Я отправляюсь к ребе, я лечу к ребе на крыльях, скачу к ребе козлом: о блаженные, незабываемые часы моих воспарений! Именно здесь, в Китаб Аль-Байяне, прошли лучшие часы моей жизни.

Ребе давно меня ждет, проявляя признаки нетерпения, ребе чуть ли не сердится на меня. Берет табурет и велит немедленно сесть с ним рядом.

— Ты говорил, Иешуа, что все их вожди злодеи? А ты вот послушай, какие встречаются чистые души у Ишмаэля, какие возвышенные поступки! — И, не дав мне даже опомниться, с ходу начинает читать, будто мы с ним и не расставались: — «Не было в этом столетии недостатка в руководителях, скромно и честно служивших Аллаху, по образцу праведников прошлых времен. Одна из высших проявлений набожности — не выходить никуда из дома, кроме как на молитву, а есть и такие, что просто живут в мечетях… Халиф аль-Кадир ежедневно раздает треть пищи со своего стола беднякам, вдовам и нищим. Он говорит, что не подобает человеку сидеть, когда он предстает перед Аллахом, и халиф никогда не садится, кроме тех случаев, что требует молитва: не ложится в постель, не прислоняется к стенам, не склоняет головы на подушку…»

Я узнаю Кушайри, и мне становится сразу скучно.

Господи, на что он тратит время, зачем мне это читает? Однако смиренно молчу, внимаю каждому слову, ибо ребе всегда говорит, что мудрость народов мира должна еврея радовать, как его собственная. Ничего не поделаешь — молчу, пусть ребе радуется.

После каждой фразы ребе глядит на меня, и наши глаза встречаются: меня пронизывает длинная, сладко щекочущая молния. Теперь он читает про одного ученого: «Он окружал себя во время святых занятий режущими и колющими предметами, чтобы не уснуть. А появлялся на людях весь изрезанный либо с пробитой головой…»

Не в силах выдержать муки, я умоляю его:

— Ребе, давайте почитаем что-нибудь наше, что-нибудь стоящее. Этих халифов с пробитыми головами мы целый день зубрим.

Ребе глядит на меня пристально, укоризненно, говорит, что я чересчур возбужден, чересчур взвинчен.

— Я ведь не зря тебя посадил, не зря читаю. Смотри, Иешуа, не натвори сегодня безумств!

Ребе расстроился, слюнявит палец, пытается читать дальше. Мрак затрудняет его, он не находит фразы.

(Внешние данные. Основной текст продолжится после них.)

(* Let $K_i(v)=K_{0i}e^{-v^2/(2\sigma_{K_i}^2)}$ ($i=1,2$) and $a(v_1,v_2)=a_0e^{-(v_1-v_2)^2/(2\sigma_a^2)}$ with all constants positive, and consider $$\begin{aligned}\dot x_1&=x_1\Big[r_1\Big(1-\frac{x_1}{K_1(u_1)}\Big)-\frac{a(u_1,u_2)x_2}{1+ha(u_1,u_2)x_1}\Big],\\ \dot x_2&=x_2\Big[\frac{ea(u_1,u_2)x_1}{1+ha(u_1,u_2)x_1}-d+r_2\Big(1-\frac{x_2}{K_2(u_2)}\Big)\Big],\\ \dot u_1&=\sigma_1^2\Big[-\frac{r_1x_1u_1}{\sigma_{K_1}^2K_1(u_1)}+\frac{(u_1-u_2)x_2a(u_1,u_2)}{\sigma_a^2(1+ha(u_1,u_2)x_1)^2}\Big],\\ \dot u_2&=\sigma_2^2\Big[-\frac{r_2x_2u_2}{\sigma_{K_2}^2K_2(u_2)}+\frac{e(u_1-u_2)x_1a(u_1,u_2)}{\sigma_a^2(1+ha(u_1,u_2)x_1)^2}\Big],\end{aligned}$$ with $r_1,r_2,h,e,\sigma_1,\sigma_2>0$, $d\ge0$. (i) If $r_2+\frac{ea_0K_{01}}{1+a_0hK_{01}}<d$, then the strategy $(0,0)$ of the boundary equilibrium $(K_{01},0,0,0)$ is the unique ESS of the system. (ii) Assume $\sigma_{K_2}>\sigma_{K_1}$, and let $(x_1^*,x_2^*,0,0)$ with $x_1^*,x_2^*>0$ be an equilibrium of the system. If $K_{02}a_0<\frac{r_1}{1-\frac{d}{r_2}}$, $K_{01}a_0<\frac{1}{h}$, $\min\{\frac{2r_2}{K_{02}},\frac{r_1}{\sigma_{K_1}^2K_{01}}\}>a_0$, $\frac{r_1r_2}{K_{01}K_{02}}+\frac{ea_0^2}{(1+a_0hK_{01})^3}>a_0^2hK_{02}(r_2+\frac{e}{h})$, $\frac{\sigma_{K_2}}{\sigma_{K_1}}\sqrt{\frac{r_1eK_{02}}{r_2K_{01}}}>\frac{x_2^*}{x_1^*}$ and $\frac{\sigma_a^2}{\sigma_{K_1}\sigma_{K_2}}>\sqrt{\frac{eK_{01}K_{02}}{r_1r_2}}\,a_0$, then the strategy $(0,0)$ of $(x_1^*,x_2^*,0,0)$ is the unique ESS of the system.
   Context: Fitness functions: $G_1(v_1,u,x)=r_1(1-\frac{x_1}{K_1(v_1)})-\frac{a(v_1,u_2)x_2}{1+ha(v_1,u_2)x_1}$ and $G_2(v_2,u,x)=\frac{ea(u_1,v_2)x_1}{1+ha(u_1,v_2)x_1}-d+r_2(1-\frac{x_2}{K_2(v_2)})$. For an equilibrium $(x^*,u^* )$ of the system, $u^*$ is an evolutionary stable strategy (ESS) if $(x^*,u^* )$ is locally asymptotically stable for the four-dimensional system and, for $i=1,2$, $\max_{v_i\in\mathbb R}G_i(v_i,u^*,x^* )=G_i(u_i^*,u^*,x^* )=0$ when $x_1^*,x_2^*>0$, respectively $\max_{v_i\in\mathbb R}G_i(v_i,u^*,x^* )=G_i(u_i^*,u^*,x^* )\le0$ when $x_1^*x_2^*=0$. ''Unique ESS'' means that it is an ESS and no other equilibrium of the system has an ESS strategy. *)

From Stdlib Require Import Reals Lra.
Open Scope R_scope.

Я предлагаю ребе принести лампу, предлагаю открыть штору побольше. Но он нашел уже, что хотел, и продолжает: «Некий благочестивый человек ни разу не вбил гвоздя в общую с соседом стену, дабы не посягнуть на его право собственности. А еще — дважды в год выплачивает все налоги, чтобы никто не сказал, что эти налоги он считает слишком высокими».

Я совершенно ребе не слушаю, все внимание мое сосредоточено на Хилале — проявляет уже беспокойство, куда Абдалла запропастился? Боже меня упаси навести шефа на мысль о пергаменте или выдать, что здесь ребе, что мы сидим вместе! Но ребе страхи мои нипочем — сияет, искрится, будто напал на россыпь золотых самородков:

«Султан Южной Аравии никогда не ест риса, ибо известно, что рис в пору своего созревания требует массу воды, и каждый феллах жестоко надувает соседа с водой».

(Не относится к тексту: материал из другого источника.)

(* Let $G$ be a finite simple graph with $\alpha:=\alpha(G)\ge 2$. Let $C$ be a vertex cover of $G$ such that $S:=V(G)\setminus C$ satisfies $1\le |S|\le \alpha-1$. Let $H:=G(C)$ be the $C$-suspension of $G$. Then $G$ is pseudo-Gorenstein$^{*}$ if and only if $H$ is pseudo-Gorenstein$^{*}$.
   Context: A vertex cover of $G$ is a set $C\subseteq V(G)$ meeting every edge. For $\varnothing\ne C\subseteq V(G)$, the $C$-suspension $G(C)$ is the graph obtained from $G$ by adding a new vertex $z$ adjacent exactly to the vertices of $C$. For a finite simple graph $G$ on vertex set $[N]$, let $R=K[x_1,\dots,x_N]$ ($K$ a field) and $I(G)$ the edge ideal generated by $x_ix_j$, $\{i,j\}\in E(G)$. Let $\alpha(G)$ be the independence number (equal to $\dim R/I(G)$). Write the Hilbert series of $R/I(G)$ uniquely as $(h_0+\dots+h_st^s)/(1-t)^{\alpha(G)}$ with $h_s\ne 0$, and $\mathfrak a(G)=s-\alpha(G)$. $G$ is pseudo-Gorenstein$^{*}$ if $h_s=1$ and $\mathfrak a(G)=0$. *)

From mathcomp Require Import all_boot all_order all_algebra.
Set Implicit Arguments. Unset Strict Implicit. Unset Printing Implicit Defensive.
Import GRing.Theory Num.Theory.

(* A finite simple graph on the finite vertex type T is a symmetric,
   irreflexive relation e : rel T (these are hypotheses of the theorem). *)

Definition independent (T : finType) (e : rel T) (A : {set T}) : bool :=
  [forall x in A, forall y in A, ~~ e x y].

Definition alpha (T : finType) (e : rel T) : nat :=
  \max_(A : {set T} | independent e A) #|A|.

Definition vertex_cover (T : finType) (e : rel T) (C : {set T}) : Prop :=
  forall x y, e x y -> (x \in C) || (y \in C).

Definition suspension (T : finType) (e : rel T) (C : {set T}) : rel (option T) :=
  fun u v => match u, v with
             | Some x, Some y => e x y
             | None, Some y => y \in C
             | Some x, None => x \in C
             | None, None => false
             end.

(* Hilbert function of R/I(G) in degree d: dim_K (R/I(G))_d, i.e. the number of
   monomials x^m of degree d not in the monomial ideal I(G) (standard monomials:
   no edge {x,y} with x_x x_y dividing x^m).  Exponent vectors m : T -> nat with
   sum d; the values are bounded by d, hence typed in 'I_(d.+1). *)
Definition hilb_fun (T : finType) (e : rel T) (d : nat) : nat :=
  #|[set m : {ffun T -> 'I_d.+1} |
      (\sum_(x : T) (m x : nat) == d) &&
      [forall x, forall y, e x y ==> ((m x == 0 :> nat) || (m y == 0 :> nat))]]|.

(* Coefficients of the numerator h(t) = (1-t)^alpha * sum_d H(d) t^d of the
   Hilbert series HS(t) = h(t)/(1-t)^alpha(G). *)
Definition hcoef (T : finType) (e : rel T) (k : nat) : int :=
  (\sum_(j < k.+1)
     (-1) ^+ j * (('C(alpha e, j) * hilb_fun e (k - j))%N)%:Z)%R.

(* pseudo-Gorenstein^*: the last nonzero coefficient h_s equals 1 and
   a(G) = s - alpha(G) = 0, i.e. s = alpha(G). *)
Definition pseudo_gor_star (T : finType) (e : rel T) : Prop :=
  hcoef e (alpha e) = 1%R /\ (forall k, alpha e < k -> hcoef e k = 0%R).

From mathcomp Require Import all_boot all_order all_algebra.
From mathcomp Require Import ring zify.
Import GRing.Theory Num.Theory.

Set Implicit Arguments.
Unset Strict Implicit.
Unset Printing Implicit Defensive.

(* Adding a vertex z with neighbourhood C keeps the independence number: an
   independent set through z lies in {z} u S, and |S| < alpha.  The standard
   monomials of H are those of G together with the monomials divisible by z and
   supported on {z} u S, whose generating series is t/(1-t)^(|S|+1).  Multiplied
   by (1-t)^alpha this becomes t(1-t)^(alpha-|S|-1), a polynomial of degree
   alpha-|S| < alpha, so G and H have the same h-coefficients in degrees
   >= alpha.  The series are handled as polynomials truncated modulo t^(k+1). *)

Section TruncatedPolynomials.
Context {R : comNzRingType}.
Local Open Scope ring_scope.
Implicit Types p q : {poly R}.

Definition eq_modXn n p q := forall i, (i < n)%N -> p`_i = q`_i.

Lemma eq_modXn_refl {n p} : eq_modXn n p p.
Proof. by []. Qed.

Lemma eq_modXnM {n p p' q q'} :
  eq_modXn n p p' -> eq_modXn n q q' -> eq_modXn n (p * q) (p' * q').
Proof.
move=> epp eqq i lt_in; rewrite !coefM; apply: eq_bigr => j _.
have le_ji : (j <= i)%N by rewrite -ltnS.
by rewrite epp ?eqq ?(leq_ltn_trans (leq_subr j i)) ?(leq_ltn_trans le_ji).
Qed.

Lemma eq_modXnB {n p p' q q'} :
  eq_modXn n p p' -> eq_modXn n q q' -> eq_modXn n (p - q) (p' - q').
Proof. by move=> epp eqq i lt_in; rewrite !coefB epp ?eqq. Qed.

Lemma eq_modXnX {n p q} m : eq_modXn n p q -> eq_modXn n (p ^+ m) (q ^+ m).
Proof.
move=> epq; elim: m => [|m IHm]; first by move=> i _; rewrite !expr0.
by rewrite !exprS; apply: eq_modXnM.
Qed.

Lemma eq_modXn_subXn n p : eq_modXn n (p - 'X^n) p.
Proof. by move=> i lt_in; rewrite coefB coefXn ltn_eqF // subr0. Qed.

Definition geom n : {poly R} := \sum_(i < n) 'X^i.

Lemma coef_geom n i : (geom n)`_i = (i < n)%N%:R.
Proof.
have -> : geom n = \poly_(j < n) 1 by rewrite poly_def; apply: eq_bigr => j; rewrite scale1r.
by rewrite coef_poly; case: (i < n)%N.
Qed.

Lemma eq_modXn_geom m n : (m <= n)%N -> eq_modXn m (geom n) (geom m).
Proof. by move=> le_mn i lt_im; rewrite !coef_geom lt_im (leq_trans lt_im). Qed.

Lemma mul_1subX_geom n : (1 - 'X) * geom n = 1 - 'X^n.
Proof.
rewrite -[in RHS](expr1n _ n) subrXX /geom; congr (_ * _).
by apply: eq_bigr => i _; rewrite expr1n mul1r.
Qed.

Lemma coef_1subXn n j : ((1 - 'X) ^+ n)`_j = (-1) ^+ j *+ 'C(n, j) :> R.
Proof.
elim: n j => [|n IHn] j.
  by rewrite expr0 coef1; case: j => [|j]; rewrite ?bin0n.
rewrite exprSr mulrBr mulr1 coefB coefMX.
case: j => [|j] /=; first by rewrite IHn subr0 !bin0.
by rewrite !IHn binS mulrnDr exprS mulN1r !mulNrn.
Qed.

Lemma coef_1subXn_geom_eq0 a s k : (s < a)%N -> (a - s < k)%N ->
  ((1 - 'X) ^+ a * ((geom k.+1 - 1) * geom k.+1 ^+ s))`_k = 0.
Proof.
move=> lt_sa lt_ask.
have geom_pos : (1 - 'X) * (geom k.+1 - 1) = 'X - 'X^(k.+1).
  by rewrite mulrBr mulr1 mul_1subX_geom; ring.
have -> : (1 - 'X) ^+ a * ((geom k.+1 - 1) * geom k.+1 ^+ s) =
    (1 - 'X) ^+ (a - s.+1) * ('X - 'X^(k.+1)) * (1 - 'X^(k.+1)) ^+ s.
  rewrite -geom_pos -mul_1subX_geom -{1}(subnK lt_sa) exprD exprS exprMn; ring.
rewrite (eq_modXnM (eq_modXnM eq_modXn_refl (@eq_modXn_subXn k.+1 'X))
                   (eq_modXnX s (@eq_modXn_subXn k.+1 1))) //.
rewrite expr1n mulr1 coefMX; case: k {geom_pos} lt_ask => //= k lt_ask.
by rewrite coef_1subXn bin_small ?mulr0n //; lia.
Qed.

Lemma coef_prod_sum_Xn (I : finType) n (F : I -> pred 'I_n.+1) :
  (\prod_i \sum_(j | F i j) 'X^j : {poly R})`_n =
  #|[set f : {ffun I -> 'I_n.+1} | [forall i, F i (f i)] & \sum_i (f i : nat) == n]|%:R.
Proof.
rewrite bigA_distr_big_dep coef_sum -sum1_card natr_sum big_mkcond [RHS]big_mkcond /=.
apply: eq_bigr => f _; rewrite prodrXr coefXn !inE eq_sym.
by case: [forall i, F i (f i)]; case: (_ == n)%N.
Qed.

End TruncatedPolynomials.

Lemma big_option (R : Type) (idx : R) (op : Monoid.com_law idx) (T : finType)
    (F : option T -> R) :
  \big[op/idx]_(o : option T) F o = op (F None) (\big[op/idx]_(x : T) F (Some x)).
Proof.
rewrite (bigD1 None) //=; congr (op _ _).
rewrite (reindex_omap Some id) //=; last by case.
by apply: eq_bigl => x; rewrite eqxx.
Qed.

Lemma independentP (T : finType) (e : rel T) (A : {set T}) :
  reflect {in A &, forall x y, ~~ e x y} (independent e A).
Proof.
apply: (iffP forall_inP) => [indA x y xA yA | indA x xA].
  exact: (forall_inP (indA x xA) y yA).
by apply/forall_inP => y yA; apply: indA.
Qed.

Lemma leq_card_alpha (T : finType) (e : rel T) (A : {set T}) :
  independent e A -> #|A| <= alpha e.
Proof. exact: leq_bigmax_cond. Qed.

Definition standard (T : finType) (e : rel T) (m : T -> nat) : bool :=
  [forall x, forall y, e x y ==> (m x == 0) || (m y == 0)].

Definition standard_monomials (T : finType) (e : rel T) n :=
  [set m : {ffun T -> 'I_n.+1} | (\sum_x (m x : nat) == n) & standard e (fun x => m x)].

Lemma eq_standard (T : finType) (e : rel T) (m1 m2 : T -> nat) :
  m1 =1 m2 -> standard e m1 = standard e m2.
Proof.
by move=> eq_m; apply: eq_forallb => x; apply: eq_forallb => y; rewrite !eq_m.
Qed.

Lemma hilb_funE (T : finType) (e : rel T) n : hilb_fun e n = #|standard_monomials e n|.
Proof. by []. Qed.

Section Suspension.
Variables (T : finType) (e : rel T) (C : {set T}).
Local Notation H := (suspension e C).

Lemma alpha_le_suspension : alpha e <= alpha H.
Proof.
apply/bigmax_leqP => A /independentP indA.
rewrite -(card_imset _ (@Some_inj _)); apply: leq_card_alpha.
by apply/independentP => _ _ /imsetP[x xA ->] /imsetP[y yA ->]; apply: indA.
Qed.

Lemma alpha_suspension_le : alpha H <= maxn (alpha e) #|~: C|.+1.
Proof.
apply/bigmax_leqP => B /independentP indB; rewrite leq_max.
have [NB | NnB] := boolP (None \in B); apply/orP; [right | left].
  apply: (@leq_trans #|None |: (Some @: ~: C)|).
    apply/subset_leq_card/subsetP => -[x|] xB; rewrite !inE //.
    by rewrite mem_imset ?inE ?orbT //; [apply: (indB _ _ NB xB) | apply: Some_inj].
  by rewrite cardsU1 (card_imset _ (@Some_inj _)) -add1n leq_add2r leq_b1.
apply: (@leq_trans #|Some @: [set x | Some x \in B]|).
  apply/subset_leq_card/subsetP => -[x|] xB; last by rewrite xB in NnB.
  by apply/imsetP; exists x; rewrite ?inE.
rewrite (card_imset _ (@Some_inj _)); apply: leq_card_alpha.
by apply/independentP => x y; rewrite !inE; apply: indB.
Qed.

Lemma alpha_suspension : #|~: C| < alpha e -> alpha H = alpha e.
Proof.
move=> lt_Sa; apply/eqP; rewrite eqn_leq alpha_le_suspension andbT.
by rewrite -(maxn_idPl lt_Sa) alpha_suspension_le.
Qed.

Lemma standard_suspension (m : option T -> nat) :
  standard H m =
  standard e (m \o Some) && ((m None == 0) || [forall x in C, m (Some x) == 0]).
Proof.
apply/idP/andP => [stdH | [stdG apex0]].
  split.
    by apply/forallP => x; apply/forallP => y; apply: (forallP (forallP stdH (Some x))).
  have [//|mN /=] := eqVneq (m None) 0; apply/forall_inP => x xC.
  by have /implyP/(_ xC) := forallP (forallP stdH None) (Some x); rewrite (negPf mN).
apply/forallP => -[x|]; apply/forallP => -[y|]; apply/implyP => //= exy.
  exact: implyP (forallP (forallP stdG x) y) exy.
all: by case/orP: apex0 => [-> | /forall_inP m0]; rewrite ?m0 ?orbT.
Qed.

Lemma standard_vanishing_on_cover (m : T -> nat) :
  vertex_cover e C -> [forall x in C, m x == 0] -> standard e m.
Proof.
move=> coverC /forall_inP m0; apply/forallP => x; apply/forallP => y; apply/implyP => exy.
by case/orP: (coverC _ _ exy) => [/m0 -> | /m0 ->]; rewrite ?orbT.
Qed.

Definition extend0 n (m : {ffun T -> 'I_n.+1}) : {ffun option T -> 'I_n.+1} :=
  [ffun o => if o is Some x then m x else ord0].

Lemma extend0_inj n : injective (@extend0 n).
Proof.
move=> m1 m2 /ffunP eq_m; apply/ffunP => x.
by have := eq_m (Some x); rewrite !ffunE.
Qed.

Lemma card_standard_suspension_apex0 n :
  #|standard_monomials H n :&: [set m : {ffun option T -> 'I_n.+1} | (m None : nat) == 0]|
  = #|standard_monomials e n|.
Proof.
rewrite -(card_imset _ (@extend0_inj n)); apply: eq_card => m.
rewrite !inE standard_suspension big_option /=.
apply/idP/imsetP => [/andP[/and3P[sum_m std_m _] /eqP mN0] | [m' m'_std ->]].
  exists [ffun x => m (Some x)].
    rewrite inE; under eq_bigr do rewrite ffunE.
    rewrite mN0 add0n in sum_m.
    rewrite sum_m (@eq_standard _ _ _ ((fun o => m o) \o Some)) // => x.
    by rewrite ffunE.
  by apply/ffunP => -[x|]; rewrite !ffunE //; apply: val_inj.
move: m'_std; rewrite inE => /andP[sum_m' std_m'].
rewrite !ffunE eqxx andbT /= add0n.
under eq_bigr do rewrite ffunE.
rewrite sum_m' (@eq_standard _ _ _ (fun x => m' x)) ?std_m' // => x.
by rewrite /= ffunE.
Qed.

Definition apex_monomials n := [set m : {ffun option T -> 'I_n.+1} |
  [&& \sum_o (m o : nat) == n, (m None : nat) != 0
    & [forall x in C, (m (Some x) : nat) == 0]]].

Lemma hilb_fun_suspension n :
  vertex_cover e C -> hilb_fun H n = hilb_fun e n + #|apex_monomials n|.
Proof.
move=> coverC; rewrite !hilb_funE -card_standard_suspension_apex0.
rewrite -(cardsID [set m : {ffun option T -> 'I_n.+1} | (m None : nat) == 0]
                  (standard_monomials H n)).
congr (_ + _); apply: eq_card => m; rewrite !inE standard_suspension.
have [_|_] /= := eqVneq (m None : nat) 0; first by rewrite andbF.
case: (_ == n) => //=; apply/andP/idP => [[] // | m0]; split=> //.
exact: standard_vanishing_on_cover.
Qed.

Local Open Scope ring_scope.

Lemma card_apex_monomials (R : comNzRingType) n :
  (#|apex_monomials n|%:R : R) = ((geom n.+1 - 1) * geom n.+1 ^+ #|~: C|)`_n.
Proof.
pose F o (j : 'I_n.+1) :=
  if o is Some x then (x \notin C) || (j == 0 :> nat) else j != 0 :> nat.
have -> : (geom n.+1 - 1) * geom n.+1 ^+ #|~: C| = \prod_o \sum_(j | F o j) 'X^j :> {poly R}.
  rewrite big_option /=; congr (_ * _).
    by rewrite /geom (bigD1 ord0) // expr0 addrC addKr.
  rewrite (eq_bigr (fun x => if x \notin C then geom n.+1 else 1)) => [|x _].
    by rewrite -big_mkcond prodr_const; congr (_ ^+ _); apply: eq_card => x; rewrite !inE.
  case: (x \notin C); first exact: eq_bigl.
  by rewrite (big_pred1 ord0) // => j; rewrite -val_eqE.
rewrite coef_prod_sum_Xn; congr (_%:R); apply: eq_card => m.
rewrite !inE andbC; congr (_ && _).
apply/andP/forallP => [[mN /forall_inP m0] [x|] // | allF].
  by rewrite /=; case: (boolP (x \in C)) => // /m0 ->; rewrite orbT.
split; first exact: allF None.
by apply/forall_inP => x xC; have := allF (Some x); rewrite /= xC.
Qed.

Lemma sum_apex_monomials_eq0 a k : (0 < #|~: C| < a)%N -> (a <= k)%N ->
  \sum_(j < k.+1) (-1) ^+ j * (('C(a, j) * #|apex_monomials (k - j)|)%N)%:Z = 0.
Proof.
move=> /andP[S_gt0 lt_Sa] le_ak.
have lt_aSk : (a - #|~: C| < k)%N by lia.
rewrite -[RHS](coef_1subXn_geom_eq0 lt_Sa lt_aSk) coefM; apply: eq_bigr => j _.
rewrite coef_1subXn -mulr_natr PoszM natz mulrA; congr (_ * _).
have le_kj : ((k - j).+1 <= k.+1)%N by rewrite ltnS leq_subr.
have trunc_k := eq_modXnM (eq_modXnB (eq_modXn_geom le_kj) eq_modXn_refl)
                         (eq_modXnX #|~: C| (eq_modXn_geom le_kj)).
by rewrite -natz card_apex_monomials trunc_k.
Qed.

Lemma hcoef_suspension k :
  vertex_cover e C -> (0 < #|~: C| < alpha e)%N -> (alpha e <= k)%N ->
  hcoef H k = hcoef e k.
Proof.
move=> coverC /andP[S_gt0 lt_Sa] le_ak; rewrite /hcoef alpha_suspension //.
under eq_bigr do rewrite hilb_fun_suspension // mulnDr PoszD mulrDr.
by rewrite big_split /= sum_apex_monomials_eq0 ?S_gt0 // addr0.
Qed.

End Suspension.

Lemma pseudo_gor_star_tail (T T' : finType) (e : rel T) (e' : rel T') :
  alpha e = alpha e' -> (forall k, alpha e <= k -> hcoef e k = hcoef e' k) ->
  pseudo_gor_star e <-> pseudo_gor_star e'.
Proof.
move=> alphaE hcoefE; rewrite /pseudo_gor_star -alphaE hcoefE //.
split=> -[top tail]; split=> // k lt_ak.
  by rewrite -hcoefE ?tail ?(ltnW lt_ak).
by rewrite hcoefE ?tail ?(ltnW lt_ak).
Qed.

Theorem theorem5p3 (T : finType) (e : rel T)
  (e_sym : symmetric e) (e_irr : irreflexive e) (C : {set T}) :
  2 <= alpha e ->
  vertex_cover e C ->
  1 <= #|~: C| <= alpha e - 1 ->
  (pseudo_gor_star e <-> pseudo_gor_star (suspension e C)).
Proof.
move=> _ coverC /andP[S_gt0 S_le].
have lt_Sa : #|~: C| < alpha e by lia.
apply: pseudo_gor_star_tail => [|k le_ak]; first by rewrite alpha_suspension.
by rewrite hcoef_suspension ?S_gt0.
Qed.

В меня вползает старая, беспокойная мысль: а не дурачит ли нас обоих, меня и ребе, этот серый русский волк? Разве не слышит он голос ребе, разве не видит его? Шеф готовит меня в разведчики для работы в Израиле, понимает прекрасно, что медресе знаний об иудаизме не даст мне, вот и позволяет сидеть с ребе. Закрыв на все глаза, заткнув якобы уши… И от этих мыслей холод бьет меня по ногам… Разве не может такое быть?

«А один человек дал своему ребенку рвотное средство, узнав, что ребенка покормила жена соседа. Ему показалось, что собственное дитя этой женщины лишилось от этого своей доли материнского молока, что его ребенок как бы ограбил другого».

Все, мне пора идти! И я поднимаюсь, взвалив на плечи скамейку.

— Ребе, он разве не слышит нас? — киваю с сомнением на сцену.

— Какой же ты, право, — и ребе совершенно расстроился. — Не видит он нас и не слышит, в этом отношении — слеп и глух, ты сто раз меня уже спрашивал! Ступай и возвращайся. И хорошенько запомни, Иешуа: сомневающийся несовершенен.

Я удаляюсь, пристыженный, мысленно кричу назад: «Вот именно, ребе, — несовершенен! Тянет меня к этому монстру, словно магнитом, словно мы связаны общим пороком, неведомым мне самому, но я вам клянусь, ребе, я все узнаю: он ли ее заразил? Сегодня я все узнаю…»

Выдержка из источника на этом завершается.